Oxfam-Québec travaillait déjà sur cette problématique bien avant le séisme, mais comme pour l’ensemble de sa programmation, il a fallu revoir les priorités. Ce qui était déjà en cours et prévu, c’est le soutien aux agriculteurs de 6 départements, à travers un réseau d’organisations locales partenaires. Nous leur fournissons des semences, des outils et des fertilisants pour préparer les prochaines récoltes. Il y avait déjà des commandes de passées pour près de 60 tonnes de semences de maïs, de sorgho, de haricots, de patates douces e de manioc. Mais suite au séisme, les besoins en nourriture sont grandissants et il a fallu réajuster le tir. Les agriculteurs partenaires ont la capacité d’augmenter leur production. C’est pourquoi nous avons déjà commandé 40 tonnes de semences supplémentaires et nous essayons d’augmenter encore. Si nous pouvons prévoir des prochaines récoltes abondantes, il y aura moins de besoins d’importer certains aliments de base. Croisons les doigts pour que la saison des pluies soit satisfaisante à ce niveau là et que tout se passe bien.
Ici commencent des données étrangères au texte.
Lemma H1_scale k c : in_H1 adj c -> in_H1 adj (scale_chain k c).
Proof.
move=> [l [Hl E]]; exists [seq (k * kC.1, kC.2) | kC <- l]; split.
  by move=> kC /mapP [kC' /Hl ? ->].
move=> a b; rewrite chain_eval_scale E !chain_eval_combination big_map big_distrr.
by apply: eq_bigr => kC _ /=; rewrite mulrA.
Qed.

Lemma not_uniq_split (q : seq K) :
  ~~ uniq q -> exists q1 y q2 q3, q = rcons q1 y ++ rcons q2 y ++ q3.
Proof.
elim: q => [|z r IH] //=; case zr: (z \in r) => /=.
  by move=> _; case/splitPr: zr => r1 r2; exists [::], z, r1, r2; rewrite !cat_rcons.
by move=> /IH [q1 [y [q2 [q3 ->]]]]; exists (z :: q1), y, q2, q3.
Qed.

Lemma H1_short_closed_walk x q : (size q < 3)%N -> last x q = x ->
  in_H1 adj (path_chain (x :: q)).
Proof.
move=> short closed; apply: H1_null => a b.
case: q short closed => [|y [|z [|w q]]] //= _.
- by rewrite chain_eval_nil.
- by move=> <-; rewrite /chain_eval big_cons big_nil subrr mulr0 addr0.
- move=> ->; rewrite /chain_eval !big_cons big_nil !mul1r addr0.
  by rewrite addrA subrK subrr.
Qed.

(* Every closed walk has its chain in H_1: a closed walk without repeated
   vertex is a cycle or short, otherwise excise a loop and induct on length. *)
Lemma H1_closed_walk x q : is_walk adj (x :: q) -> last x q = x ->
  in_H1 adj (path_chain (x :: q)).
Proof.
have [m] := ubnP (size q); elim: m x q => // m IH x q size_q walk_q closed.
have [uniq_q|/not_uniq_split [q1 [y [q2 [q3 def_q]]]]] := boolP (uniq q).
  have [long|short] := leqP 3 (size q); last exact: H1_short_closed_walk.
  exists [:: (1, x :: q)]; split; first by move=> kC; rewrite inE => /eqP ->.
  by move=> a b; rewrite chain_eval_combination big_seq1 mul1r.
move: size_q walk_q closed; rewrite def_q !size_cat !size_rcons => size_q.
move=> /walk_cat [W1]; rewrite last_rcons => /walk_cat [W2]; rewrite last_rcons => W3.
rewrite !last_cat !last_rcons => closed.
have loop : in_H1 adj (path_chain (y :: rcons q2 y)).
  by apply: IH; rewrite ?last_rcons // size_rcons; lia.
have rest : in_H1 adj (path_chain (x :: rcons q1 y ++ q3)).
  apply: IH; rewrite ?last_cat ?last_rcons //; first by rewrite size_cat size_rcons; lia.
  by apply/walk_cat; rewrite last_rcons.
apply: H1_eqv (H1_cat loop rest) _ => a b.
by rewrite chain_eval_excise_loop chain_eval_cat.
Qed.

End Homology.

Lemma pushforward_path_chain (K L : Type) (f : K -> L) (p : seq K) :
  pushforward f (path_chain p) = path_chain (map f p).
Proof. by elim: p => [|x [|y p] IH] //=; move: IH => /= ->. Qed.

Lemma pushforward_scale (K L : Type) (f : K -> L) k (c : chain K) :
  pushforward f (scale_chain k c) = scale_chain k (pushforward f c).
Proof. by rewrite /pushforward /scale_chain -!map_comp; apply: eq_map. Qed.

Lemma H1_lift_from_cycles (K L : eqType) (adjK : K -> K -> Prop)
    (adjL : L -> L -> Prop) (f : K -> L) :
  (forall C, is_cycle adjL C -> exists d,
     in_H1 adjK d /\ chain_eqv (pushforward f d) (path_chain C)) ->
  forall c, in_H1 adjL c -> exists d, in_H1 adjK d /\ chain_eqv (pushforward f d) c.
Proof.
move=> lift_cycle c [l [cycles_l Ec]].
suff [d [Hd Ed]] : exists d, in_H1 adjK d /\ chain_eqv (pushforward f d)
    (flatten [seq scale_chain kC.1 (path_chain kC.2) | kC <- l]).
  by exists d; split=> // a b; rewrite Ed Ec.
elim: l cycles_l {Ec} => [|kC l IH] cycles_l.
  by exists [::]; split=> //; apply: H1_null => a b; rewrite chain_eval_nil.
have [dC [HdC EdC]] := lift_cycle _ (cycles_l kC (mem_head _ _)).
have /IH [d [Hd Ed]] : forall kC', kC' \in l -> is_cycle adjL kC'.2.
  by move=> kC' l_kC'; apply: cycles_l; rewrite inE l_kC' orbT.
exists (scale_chain kC.1 dC ++ d); split; first by apply: H1_cat => //; apply: H1_scale.
move=> a b; rewrite /pushforward map_cat -!/(pushforward _ _) pushforward_scale.
by rewrite /= !chain_eval_cat !chain_eval_scale EdC Ed.
Qed.

Section ReducedPower.
Variables (V : choiceType) (adj : rel V) (n : nat).
Hypothesis adj_sym : symmetric adj.
Hypothesis G_conn : graph_connected adj.

Local Notation eta := (@eta_map V n).
Local Notation box_adj := (@boxpow_adj V adj n).
Local Notation red_adj := (@redpow_adj V adj n).
Implicit Types (s t : n.-tuple V) (i j : 'I_n).

Definition set_coord s i (y : V) : n.-tuple V :=
  [tuple (if k == i then y else tnth s k) | k < n].

Definition permute s (p : 'S_n) : n.-tuple V := [tuple tnth s (p k) | k < n].

Lemma tnth_set_coord s i y k : tnth (set_coord s i y) k = if k == i then y else tnth s k.
Proof. by rewrite tnth_mktuple. Qed.

Lemma set_coord_id s i : set_coord s i (tnth s i) = s.
Proof. by apply: eq_from_tnth => k; rewrite tnth_set_coord; case: eqP => [->|]. Qed.

Lemma set_coord_swap s i j y : i != j ->
  set_coord (set_coord s i (tnth s j)) j y = permute (set_coord s i y) (tperm i j).
Proof.
move=> ij; apply: eq_from_tnth => k; rewrite !tnth_set_coord tnth_mktuple tnth_set_coord.
case: (eqVneq k j) => [->|kj]; first by rewrite tpermR eqxx.
case: (eqVneq k i) => [->|ki]; first by rewrite tpermL eq_sym (negbTE ij).
by rewrite tpermD ?(negbTE ki) // eq_sym.
Qed.

Lemma permute1 s : permute s 1 = s.
Proof. by apply: eq_from_tnth => k; rewrite tnth_mktuple perm1. Qed.

Lemma permuteM s (p q : 'S_n) : permute s (p * q) = permute (permute s q) p.
Proof. by apply: eq_from_tnth => k; rewrite !tnth_mktuple permM. Qed.

Lemma eta_permute s p : eta (permute s p) = eta s.
Proof. by apply: val_inj; apply/eq_seq_msetP/tuple_permP; exists p. Qed.

Lemma eta_fiber s t : eta s = eta t -> exists p, t = permute s p.
Proof.
move/(congr1 val) => /= /eq_seq_msetP; rewrite perm_sym => /tuple_permP [p Hp].
by exists p; apply: val_inj.
Qed.

Lemma walk_set_coord s i a r :
  is_walk adj (a :: r) -> is_walk box_adj (map (set_coord s i) (a :: r)).
Proof.
elim: r a => [|c r IH] a //= [ac Wr]; split; last exact: IH.
exists i; rewrite !tnth_set_coord eqxx; split=> // j ji.
by rewrite !tnth_set_coord (negbTE ji).
Qed.

Definition eta_null_connected s t := exists q,
  [/\ is_walk box_adj (s :: q), last s q = t &
      forall x y, chain_eval (path_chain (map eta (s :: q))) x y = 0].

Lemma eta_null_connected_refl s : eta_null_connected s s.
Proof. by exists [::]; split=> // x y; rewrite chain_eval_nil. Qed.

Lemma eta_null_connected_trans s t u :
  eta_null_connected s t -> eta_null_connected t u -> eta_null_connected s u.
Proof.
move=> [q1 [W1 L1 E1]] [q2 [W2 L2 E2]]; exists (q1 ++ q2); split.
- by apply/walk_cat; rewrite L1.
- by rewrite last_cat L1.
by move=> x y; rewrite path_chain_map_cat chain_eval_cat L1 E1 E2 addr0.
Qed.

(* Swapping two coordinates a = s_i, b = s_j: move coordinate i along a path
   r from a to b, then coordinate j back along the reversed path.  The second
   leg has the reversed image of the first under eta, so the chains cancel. *)
Lemma eta_null_connected_swap s i j :
  i != j -> eta_null_connected s (permute s (tperm i j)).
Proof.
move=> ij; set a := tnth s i; set b := tnth s j; set s' := set_coord s i b.
have [r [Wr ab]] := G_conn a b.
set back := rev (belast a r).
have Wback : is_walk adj (b :: back).
  by rewrite -ab -rev_path; apply: walk_rev Wr => u v; rewrite adj_sym.
have def_s : s = set_coord s i a by rewrite set_coord_id.
have def_s' : s' = set_coord s' j b.
  have s'_j : tnth s' j = b by rewrite tnth_set_coord eq_sym (negbTE ij).
  by rewrite -[X in set_coord _ _ X]s'_j set_coord_id.
have swapped_image y : eta (set_coord s' j y) = eta (set_coord s i y).
  by rewrite set_coord_swap // eta_permute.
exists (map (set_coord s i) r ++ map (set_coord s' j) back); split.
- apply/walk_cat; split; first by rewrite {1}def_s; apply: walk_set_coord.
  by rewrite {1}def_s last_map ab -/s' {1}def_s'; apply: walk_set_coord.
- rewrite last_cat {1}def_s last_map ab -/s' {1}def_s' last_map -ab last_rev_path.
  by rewrite set_coord_swap // set_coord_id.
set g := eta \o set_coord s i.
have -> : map eta (s :: map (set_coord s i) r ++ map (set_coord s' j) back)
        = map g (a :: r ++ back).
  rewrite {1}def_s /= !map_cat -!map_comp.
  by rewrite (eq_map (f := eta \o set_coord s' j) swapped_image).
by move=> x y; rewrite map_cons map_cat /back map_rev -belast_map chain_eval_retrace.
Qed.

(* Hence s is eta-null-connected to each of its permutations, since every
   permutation is a product of transpositions. *)
Lemma eta_null_connected_permute s p : eta_null_connected s (permute s p).
Proof.
have [ts -> dpair_ts] := prod_tpermP p.
elim: ts dpair_ts s => [|t ts IH] /=.
  by move=> _ s; rewrite big_nil permute1; apply: eta_null_connected_refl.
move=> /andP [dpair_t dpair_ts] s; rewrite big_cons permuteM.
exact: eta_null_connected_trans (IH dpair_ts s) (eta_null_connected_swap _ dpair_t).
Qed.

Lemma count_mem_tuple t a : count_mem a t = (\sum_(k < n) (tnth t k == a))%N.
Proof. by rewrite -sum1_count big_tuple big_mkcond. Qed.

Lemma val_eta t : val (eta t) = seq_mset (tval t).
Proof. by []. Qed.

(* Moving a token u -> v of eta t lifts to moving a coordinate equal to u. *)
Lemma lift_step t m : red_adj (eta t) m -> exists t', box_adj t t' /\ eta t' = m.
Proof.
move=> [u [v [uv [u_t def_m]]]].
have /tnthP [i t_i] : u \in tval t by rewrite -(perm_mem (perm_eq_seq_mset t)).
exists (set_coord t i v); split.
  exists i; rewrite tnth_set_coord eqxx -t_i; split=> // j ji.
  by rewrite tnth_set_coord (negbTE ji).
apply: val_inj; rewrite def_m; apply/msetP => a.
rewrite !val_eta mset_seqE msetE2 msetB1E msetnE mset_seqE !count_mem_tuple.
rewrite (bigD1 i) // [X in _ = (X - _ + _)%N](bigD1 i) // tnth_set_coord eqxx -t_i.
under eq_bigr => k /andP [_ ki] do rewrite tnth_set_coord (negbTE ki).
by rewrite !(eq_sym a); case: (u == a); case: (v == a); rewrite /=; lia.
Qed.

Lemma lift_walk q t : is_walk red_adj (eta t :: q) ->
  exists q', is_walk box_adj (t :: q') /\ map eta q' = q.
Proof.
elim: q t => [|m q IH] t; first by exists [::].
move=> [/lift_step [t' [tt' <-]] /IH [q' [Wq' <-]]].
by exists (t' :: q').
Qed.

(* The chain of a cycle of G^(n) is the pushforward of the chain of a closed
   walk of G^n: lift the cycle, then return to the start within the fibre. *)
Lemma cycle_lift C : is_cycle red_adj C ->
  exists d, in_H1 box_adj d /\ chain_eqv (pushforward eta d) (path_chain C).
Proof.
case: C => [|m q] //= [_ [closed [_ Wq]]].
pose t := Tuple (valP m).
have eta_t : eta t = m by apply: val_inj; exact: seq_mset_id.
rewrite -eta_t in Wq; have [q' [Wq' def_q]] := lift_walk Wq.
have : eta (last t q') = eta t by rewrite -last_map def_q eta_t closed.
move=> /eta_fiber [p def_t].
have [w [Ww Lw Ew]] := eta_null_connected_permute (last t q') p.
exists (path_chain (t :: q' ++ w)); split.
  by apply: H1_closed_walk; [apply/walk_cat | rewrite last_cat Lw].
move=> a b; rewrite pushforward_path_chain path_chain_map_cat chain_eval_cat.
by rewrite Ew addr0 map_cons def_q eta_t.
Qed.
Mais à court terme, nos partenaires sont confrontés à un autre problème. Ils tentent de vendre leur production précédente avec beaucoup de difficulté. La plupart des gens dans la zone de Port-au-Prince ont tout perdu. Maison, travail, entreprise… nombreux sont ceux qui dépendent des distributions alimentaires. D’autres ont encore la possibilité d’acheter des aliments, mais on retrouve sur le marché beaucoup de produit importé, vendu à très bas prix qui concurrence déloyalement la production locale. On retrouve ici très concrètement les vieux démons combattus depuis des années par Oxfam : le dumping de produits subventionnés par les pays étrangers qui ravagent l’économie des producteurs Haïtiens. Quand vous devez repartir à zéro, rebâtir votre demeure, votre vie, il est naturel de chercher les occasions qui vous permettront de moins dépenser. Résultat, les petits fermiers y perdent aussi leur moyen de subsistance.
Oxfam-Québec a donc mis en place un mécanisme d’achat de ces produits, qui seront distribués dans nos zones d’interventions à Port-au-Prince. Il faut favoriser l’utilisation des produits locaux dans la distribution alimentaire pour les sinistrés, si nous voulons renforcer l’économie chancelante du pays.
Aujourd’hui même, un camion rempli de riz est en route de l’Artibonite jusqu’à Port-au-Prince pour y être distribué.
Et tout ça m’a été raconté avec passion par un homme étonnant : Antoine Ladouceur, agronome principal de ce projet. Antoine, que la vie a menée de Port-au-Prince au Japon, dont la famille… mais chut ! Je garde ça pour un témoignage plus complet. Pour ceux qui ne le reçoivent pas encore, écrivez-nous pour recevoir le Monde d’Oxfam-Québec, que nous publions deux fois par année.
Et je ne finirais pas sans vous dire quelques mots sur Wilner. Wilner est un de nos chauffeurs. Ah, si vous saviez à quel point le chauffeur jour un rôle central dans toute cette histoire…
Wilner à qui j’essayais de poser des questions, Wilner qui répond du bout des lèvres. Wilner qui n’est pas un grand parleur. Wilner dont la fille, qu’il n’a pas vue depuis trois ans, vit au Québec. Wilner silencieux hier, mais que quelque chose travaillait visiblement.
Il s’est soudain retourné vers moi et m’a dit : «Tu sais, je n’arrête pas d’y penser depuis qu’on s’en est parlé. Maintenant je sais ce que je veux faire. Cette année, j’irais à Montréal voir Katiana. »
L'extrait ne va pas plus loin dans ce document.